Superstitions about left-handedness have long abounded, ranging from fears of mere uncleanliness to biblical unholiness. Those seeking to co-opt the concept in their favor — including countless metal bands and self-styled practitioners of the occult — have adopted it as a symbol of individuality and self-determination, while traditionalists regard the left hand in similar terms as idle hands. I-Jing’s grandfather belongs to the latter camp, a dogmatic adherent to the belief that said appendage belongs to the devil.
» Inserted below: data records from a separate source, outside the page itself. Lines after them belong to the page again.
(* For all $n\geq 0$, $$d_n=\sum_{k=0}^{n}(-1)^{n-k}\binom{n}{k}m_k,$$ where $d_n$ is the number of symmetric Dyck paths of length $2n$ and $m_k$ is the number of symmetric Motzkin paths of length $2k$.
   Context: Steps: $U=(1,1)$, $D=(1,-1)$, $h=(1,0)$. A Dyck path of length $2n$ is a lattice path from $(0,0)$ to $(2n,0)$ using steps $U,D$ that never goes below the $x$-axis; a Motzkin path of length $2n$ is the same but steps $U,D,h$ are allowed. Such a path with step sequence $s_1\cdots s_{2n}$ is symmetric if for every $i$, $s_{2n+1-i}$ is the mirror of $s_i$ (mirror of $U$ is $D$, of $D$ is $U$, of $h$ is $h$), i.e. the path is invariant under reflection in the line $x=n$. *)

From HB Require Import structures.
From mathcomp Require Import all_boot all_order all_algebra.
Set Implicit Arguments. Unset Strict Implicit. Unset Printing Implicit Defensive.
Import GRing.Theory Num.Theory.
Local Open Scope ring_scope.

(* Steps U = (1,1), D = (1,-1), h = (1,0). *)
Inductive step := U | D | H.

Definition step_code (s : step) : 'I_3 :=
  match s with U => inord 0 | D => inord 1 | H => inord 2 end.
Definition step_decode (i : 'I_3) : step :=
  match val i with 0 => U | 1 => D | _ => H end.
Lemma step_codeK : cancel step_code step_decode.
Proof. by case; rewrite /step_decode /= inordK. Qed.
HB.instance Definition _ := Equality.copy step (can_type step_codeK).
HB.instance Definition _ := Finite.copy step (can_type step_codeK).

Definition dy (s : step) : int := match s with U => 1 | D => -1 | H => 0 end.

(* mirror image of a step under reflection in a vertical line *)
Definition mirror (s : step) : step := match s with U => D | D => U | H => H end.

Definition height (p : seq step) (i : nat) : int := \sum_(x <- take i p) dy x.

Definition nonneg_bridge (p : seq step) : bool :=
  [forall i : 'I_(size p).+1, (0 <= height p i)%R] && (height p (size p) == 0%R).

Definition dyck (p : seq step) : bool := nonneg_bridge p && (H \notin p).
Definition motzkin (p : seq step) : bool := nonneg_bridge p.

(* symmetric: s_{N+1-i} is the mirror of s_i (1-indexed), N = size p *)
Definition sym_path (p : seq step) : bool :=
  [forall i : 'I_(size p), nth H p (size p - 1 - i)%N == mirror (nth H p i)].

Definition d_num (n : nat) : nat :=
  #|[set p : (n.*2).-tuple step | dyck p && sym_path p]|.

Definition m_num (n : nat) : nat :=
  #|[set p : (n.*2).-tuple step | motzkin p && sym_path p]|.

From mathcomp Require Import all_boot all_order all_algebra.
From mathcomp Require Import zify.
Set Implicit Arguments. Unset Strict Implicit. Unset Printing Implicit Defensive.
Import Order.TTheory GRing.Theory Num.Theory.
Local Open Scope ring_scope.

(* A symmetric path of length 2n is determined by its first half, and a word of
   length n is the first half of a symmetric Dyck (Motzkin) path exactly when it
   never goes below the axis; so d_n and m_n count such "meanders" of length n.
   Deleting the level steps of a Motzkin meander leaves a Dyck meander, whence
   m is the binomial transform of d, and binomial inversion gives the formula.
   The binomial relation follows by induction on the length once meanders are
   allowed to start at an arbitrary height h. *)

Section BinomialTransform.
Variable V : nmodType.

Definition binomial_transform (a : nat -> V) (n : nat) : V :=
  \sum_(k < n.+1) a k *+ 'C(n, k).

Lemma binomial_transformD (a b : nat -> V) n :
  binomial_transform (fun k => a k + b k) n =
  binomial_transform a n + binomial_transform b n.
Proof. by rewrite -big_split; apply: eq_bigr => k _; rewrite mulrnDl. Qed.

Lemma binomial_transformS (a : nat -> V) n :
  binomial_transform a n.+1 =
  binomial_transform a n + binomial_transform (fun k => a k.+1) n.
Proof.
rewrite /binomial_transform big_ord_recl /=.
under eq_bigr => k _ do rewrite binS mulrnDr.
rewrite big_split /= addrA; congr (_ + _).
rewrite big_ord_recr /= (bin_small (ltnSn n)) mulr0n addr0.
by rewrite [in RHS]big_ord_recl !bin0.
Qed.

End BinomialTransform.

Section BinomialInversion.
Variable R : pzRingType.

Definition inverse_binomial_transform (b : nat -> R) (n : nat) : R :=
  \sum_(k < n.+1) (-1) ^+ (n - k) * b k *+ 'C(n, k).

Lemma inverse_binomial_transformS (b : nat -> R) n :
  inverse_binomial_transform b n.+1 =
  inverse_binomial_transform (fun k => b k.+1) n - inverse_binomial_transform b n.
Proof.
rewrite /inverse_binomial_transform big_ord_recl /=.
under eq_bigr => k _ do rewrite binS mulrnDr subSS.
rewrite big_split /= addrA addrC; congr (_ + _).
rewrite [in RHS]big_ord_recl opprD subn0 subn0 exprS mulN1r mulNr bin0 mulNrn.
rewrite big_ord_recr /= (bin_small (ltnSn n)) mulr0n addr0 bin0.
rewrite -sumrN; congr (_ + _); apply: eq_bigr => k _.
by rewrite /bump /= add1n -(subnSK (ltn_ord k)) exprS mulN1r !mulNr mulNrn.
Qed.

Lemma inverse_binomial_transformD (b c : nat -> R) n :
  inverse_binomial_transform (fun k => b k + c k) n =
  inverse_binomial_transform b n + inverse_binomial_transform c n.
Proof.
by rewrite -big_split; apply: eq_bigr => k _; rewrite mulrDr mulrnDl.
Qed.

Lemma binomial_inversion (a : nat -> R) n :
  inverse_binomial_transform (binomial_transform a) n = a n.
Proof.
elim: n a => [|n IHn] a.
  by rewrite /inverse_binomial_transform /binomial_transform !big_ord1 /= !mulr1n mul1r.
rewrite inverse_binomial_transformS.
transitivity (inverse_binomial_transform
  (fun k => binomial_transform a k + binomial_transform (fun j => a j.+1) k) n
  - inverse_binomial_transform (binomial_transform a) n).
  by congr (_ - _); apply: eq_bigr => k _; rewrite binomial_transformS.
by rewrite inverse_binomial_transformD !IHn [a n + _]addrC addrK.
Qed.

End BinomialInversion.


Fixpoint words n : seq (seq step) :=
  if n is n'.+1 then [seq x :: w | x <- [:: U; D; H], w <- words n'] else [:: [::]].

Lemma mem_words n w : (w \in words n) = (size w == n).
Proof.
elim: n w => [|n IHn] [|x w] //=; rewrite cats0 !mem_cat.
  by apply/negP; case/or3P => /mapP [v _].
apply/idP/idP.
  by case/or3P => /mapP [v vn [_ ->]]; rewrite eqSS -IHn.
by rewrite eqSS -IHn => wn; case: x; rewrite map_f ?orbT.
Qed.

Lemma words_uniq n : uniq (words n).
Proof.
elim: n => [|n IHn] //; apply: allpairs_uniq => //.
  by rewrite /= !inE; apply/and3P; split => //; [apply/norP; split|]; apply/eqP.
by move=> [x w] [y v] _ _ /= [-> ->].
Qed.

Lemma card_tuples_count m (P : pred (seq step)) :
  #|[set p : m.-tuple step | P p]| = count P (words m).
Proof.
rewrite cardsE cardE -size_filter -(size_map val).
apply/perm_size/uniq_perm.
- by rewrite map_inj_uniq ?enum_uniq //; exact: val_inj.
- by rewrite filter_uniq // words_uniq.
move=> w; rewrite mem_filter mem_words; apply/mapP/idP.
  by move=> [t tP ->]; rewrite mem_enum in tP; rewrite size_tuple eqxx andbT.
by case/andP => Pw wm; exists (Tuple wm); rewrite ?mem_enum.
Qed.

Lemma count_wordsS (P : pred (seq step)) n :
  count P (words n.+1) = (count (fun w => P (U :: w)) (words n) +
    count (fun w => P (D :: w)) (words n) + count (fun w => P (H :: w)) (words n))%N.
Proof. by rewrite /= cats0 !count_cat !count_map addnA. Qed.

Definition rise (w : seq step) : int := \sum_(x <- w) dy x.

Lemma rise_cons x w : rise (x :: w) = dy x + rise w.
Proof. by rewrite /rise big_cons. Qed.

Lemma rise_cat v w : rise (v ++ w) = rise v + rise w.
Proof. by rewrite /rise big_cat. Qed.

Lemma rise_rev w : rise (rev w) = rise w.
Proof. by apply: perm_big; rewrite perm_rev. Qed.

Lemma dy_mirror x : dy (mirror x) = - dy x.
Proof. by case: x; rewrite /= ?opprK ?oppr0. Qed.

Lemma rise_mirror w : rise (map mirror w) = - rise w.
Proof. by rewrite /rise big_map (eq_bigr _ (fun x _ => dy_mirror x)) sumrN. Qed.

Lemma mirrorK : involutive mirror.
Proof. by case. Qed.

Fixpoint nonneg_from (h : int) (w : seq step) : bool :=
  (0 <= h) && (if w is x :: w' then nonneg_from (h + dy x) w' else true).

Lemma nonneg_fromP h w :
  reflect (forall i, (i <= size w)%N -> 0 <= h + rise (take i w)) (nonneg_from h w).
Proof.
have rise_nil : rise [::] = 0 by rewrite /rise big_nil.
elim: w h => [|x w IHw] h /=.
  rewrite andbT rise_nil addr0.
  by apply: (iffP idP) => [h_ge0 i _ | /(_ 0%N (leqnn 0))].
apply: (iffP andP) => [[h_ge0 /IHw wP] [|i] i_le | wP].
- by rewrite take0 rise_nil addr0.
- by rewrite /= rise_cons addrA wP.
split; first by have := wP 0%N isT; rewrite take0 rise_nil addr0.
by apply/IHw => i i_le; rewrite -addrA -rise_cons; exact: (wP i.+1).
Qed.

Lemma nonneg_from_ge0 h w : nonneg_from h w -> 0 <= h.
Proof. by case: w => [|x w] /andP []. Qed.

Lemma nonneg_from_cat h v w :
  nonneg_from h (v ++ w) = nonneg_from h v && nonneg_from (h + rise v) w.
Proof.
elim: v h => [|x v IHv] h /=.
  by rewrite /rise big_nil addr0 andbT; case: w => [|y w] /=; rewrite ?andbT ?andbA andbb.
by rewrite IHv rise_cons addrA andbA.
Qed.

Lemma nonneg_bridgeE p : nonneg_bridge p = nonneg_from 0 p && (rise p == 0).
Proof.
rewrite /nonneg_bridge /height take_size; congr (_ && _).
apply/forallP/nonneg_fromP => [pP i i_le | pP i].
  by rewrite add0r; exact: (pP (Ordinal (i_le : (i < (size p).+1)%N))).
by rewrite -[X in _ <= X]add0r pP // -ltnS.
Qed.

(* Read backwards, a mirrored path ends where it started, with the same heights. *)
Lemma nonneg_from_mirror_rev h w :
  nonneg_from (h + rise w) (rev (map mirror w)) = nonneg_from h w.
Proof.
elim: w h => [|x w IHw] h; first by rewrite /= /rise big_nil addr0.
rewrite /= rev_cons -cats1 nonneg_from_cat rise_cons addrA IHw.
rewrite rise_rev rise_mirror addrK /= dy_mirror addrK andbT.
case wP: (nonneg_from _ w); last by rewrite andbF.
by rewrite (nonneg_from_ge0 wP) andbT.
Qed.

Definition symmetrize (w : seq step) : seq step := w ++ rev (map mirror w).

Lemma nonneg_bridge_symmetrize w : nonneg_bridge (symmetrize w) = nonneg_from 0 w.
Proof.
rewrite nonneg_bridgeE nonneg_from_cat.
by rewrite nonneg_from_mirror_rev rise_cat rise_rev rise_mirror subrr eqxx andbb andbT.
Qed.

Lemma mem_H_symmetrize w : (H \in symmetrize w) = (H \in w).
Proof.
by rewrite mem_cat mem_rev -[in H \in map _ _]/(mirror H) (mem_map (inv_inj mirrorK)) orbb.
Qed.

Lemma sym_pathE p : sym_path p = (rev p == map mirror p).
Proof.
apply/forallP/eqP => [pP | pE i].
  apply: (eq_from_nth (x0 := H)) => [|i]; first by rewrite size_rev size_map.
  rewrite size_rev => i_lt; rewrite nth_rev // (nth_map H) //.
  by move/eqP: (pP (Ordinal i_lt)) => /= <-; congr nth; lia.
have := congr1 (nth H ^~ i) pE; rewrite /= nth_rev // (nth_map H) // => <-.
by apply/eqP; congr nth; lia.
Qed.

Lemma sym_path_symmetrize w : sym_path (symmetrize w).
Proof. by rewrite sym_pathE rev_cat revK map_cat map_rev (mapK mirrorK). Qed.

Lemma size_take_half (T : Type) (p : seq T) m : size p = m.*2 -> size (take m p) = m.
Proof. by move=> p_size; rewrite size_takel // p_size -addnn leq_addr. Qed.

Lemma symmetrize_take p m :
  size p = m.*2 -> sym_path p -> symmetrize (take m p) = p.
Proof.
rewrite sym_pathE => p_size /eqP pE.
have size_drop_m : size (drop m p) = m by rewrite size_drop p_size -addnn addnK.
rewrite /symmetrize -[in RHS](cat_take_drop m p); congr (_ ++ _).
move/eqP: pE; rewrite -[in X in X -> _](cat_take_drop m p) rev_cat map_cat.
by rewrite eqseq_cat ?size_rev ?size_map ?size_take_half // => /andP [/eqP <- _]; rewrite revK.
Qed.

Lemma symmetrize_inj : injective symmetrize.
Proof.
move=> v w vw; have size_vw : size v = size w.
  by have := congr1 size vw; rewrite !size_cat !size_rev !size_map; lia.
by move/eqP: vw; rewrite eqseq_cat // => /andP [/eqP].
Qed.

Lemma count_sym_path (P : pred (seq step)) m :
  count (fun p => P p && sym_path p) (words m.*2) =
  count (fun w => P (symmetrize w)) (words m).
Proof.
rewrite -!size_filter -[in RHS](size_map symmetrize).
apply/perm_size/uniq_perm.
- by rewrite filter_uniq // words_uniq.
- by rewrite (map_inj_uniq symmetrize_inj) filter_uniq // words_uniq.
move=> p; rewrite mem_filter mem_words; apply/idP/mapP.
  case/andP => /andP [Pp p_sym] /eqP p_size; exists (take m p); last by rewrite symmetrize_take.
  by rewrite mem_filter mem_words symmetrize_take // Pp size_take_half ?eqxx.
move=> [w]; rewrite mem_filter mem_words => /andP [Pw /eqP w_size] ->.
by rewrite Pw sym_path_symmetrize size_cat size_rev size_map w_size addnn eqxx.
Qed.

Definition dyck_meanders n h := count (fun w => nonneg_from h w && (H \notin w)) (words n).
Definition motzkin_meanders n h := count (nonneg_from h) (words n).

Lemma dyck_meanders0 h : dyck_meanders 0 h = (0 <= h).
Proof. by rewrite /dyck_meanders /= andbT; case: (0 <= h). Qed.

Lemma motzkin_meanders0 h : motzkin_meanders 0 h = (0 <= h).
Proof. by rewrite /motzkin_meanders /= andbT; case: (0 <= h). Qed.

Lemma dyck_meanders_neg n h : h < 0 -> dyck_meanders n h = 0%N.
Proof.
move=> h_lt0; apply/eqP; rewrite -leqn0 leqNgt -has_count.
by apply/hasP => -[w _ /andP [/nonneg_from_ge0]]; rewrite leNgt h_lt0.
Qed.

Lemma dyck_meandersS n h : 0 <= h ->
  dyck_meanders n.+1 h = (dyck_meanders n (h + 1) + dyck_meanders n (h - 1))%N.
Proof.
move=> h_ge0; rewrite /dyck_meanders count_wordsS.
rewrite [X in (_ + X)%N](@eq_count _ _ pred0) ?count_pred0 ?addn0 => [|w].
  have [HU HD] : (H == U) = false /\ (H == D) = false by split; apply/eqP.
  by congr addn; apply: eq_count => w; rewrite /= h_ge0 inE ?HU ?HD.
by rewrite /= inE eqxx andbF.
Qed.

Lemma motzkin_meandersS n h : 0 <= h ->
  motzkin_meanders n.+1 h =
  (motzkin_meanders n (h + 1) + motzkin_meanders n (h - 1) + motzkin_meanders n h)%N.
Proof. by move=> h_ge0; rewrite /motzkin_meanders count_wordsS /= h_ge0 addr0. Qed.

Lemma motzkin_meanders_neg n h : h < 0 -> motzkin_meanders n h = 0%N.
Proof.
move=> h_lt0; apply/eqP; rewrite -leqn0 leqNgt -has_count.
by apply/hasP => -[w _ /nonneg_from_ge0]; rewrite leNgt h_lt0.
Qed.

Lemma motzkin_meanders_binomial n h :
  (motzkin_meanders n h)%:Z = binomial_transform (fun k => (dyck_meanders k h)%:Z) n.
Proof.
elim: n h => [|n IHn] h.
  by rewrite /binomial_transform big_ord1 motzkin_meanders0 dyck_meanders0.
have [h_ge0 | h_lt0] := leP 0 h; last first.
  rewrite motzkin_meanders_neg // /binomial_transform big1 // => k _.
  by rewrite dyck_meanders_neg ?mul0rn.
rewrite motzkin_meandersS // !PoszD !IHn binomial_transformS addrC.
congr (_ + _); rewrite -binomial_transformD.
by apply: eq_bigr => k _; rewrite dyck_meandersS // PoszD.
Qed.

Lemma d_num_meanders n : d_num n = dyck_meanders n 0.
Proof.
rewrite /d_num (card_tuples_count _ (fun p => dyck p && sym_path p)).
rewrite (count_sym_path dyck); apply: eq_count => w.
by rewrite /dyck nonneg_bridge_symmetrize mem_H_symmetrize.
Qed.

Lemma m_num_meanders n : m_num n = motzkin_meanders n 0.
Proof.
rewrite /m_num (card_tuples_count _ (fun p => motzkin p && sym_path p)).
rewrite (count_sym_path motzkin); apply: eq_count => w.
by rewrite /motzkin nonneg_bridge_symmetrize.
Qed.

Theorem theorem3p2 (n : nat) :
  (d_num n)%:Z = \sum_(0 <= k < n.+1) (-1) ^+ (n - k) * ('C(n, k) * m_num k)%:Z.
Proof.
have m_binomial k : (m_num k)%:Z = binomial_transform (fun j => (d_num j)%:Z) k.
  rewrite m_num_meanders motzkin_meanders_binomial.
  by apply: eq_bigr => j _; rewrite d_num_meanders.
rewrite -[LHS](binomial_inversion (fun j => (d_num j)%:Z)) big_mkord.
by apply: eq_bigr => k _; rewrite -m_binomial -mulrnAr PoszM -[Posz 'C(n, k)]natz mulr_natl.
Qed.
This allows the little girl to blame her childish misdeeds on her “devil hand,” but it also brings her great shame — if she can’t help the fact that she’s left-handed, what can she do about her supposed devilry?
Left-Handed Girl is at its most immersive and moving when simply showing us the world from I-Jing’s innocent perspective as she navigates the neon lights and questionable goods of the night market. Her wide-eyed view of these unique environs brings to mind The Florida Project’s Moonee (Brooklynn Prince), a similarly precocious child brought to life by a gifted youngster. This is easily the best-looking film ever shot on an iPhone, a title that previously belonged to Tangerine; cinematographers Ko-Chin Chen and Tzu-Hao Kao offer a sensory, ground-level view of Tsou’s hometown with enough grace and verve to have you looking up flights. The creative team does a better, more authentic job of capturing the world through its heroine’s eyes than most movies about children, using wide angles that suggest Tsou was inclined to literally show more of her characters and her setting than traditional lensing would allow.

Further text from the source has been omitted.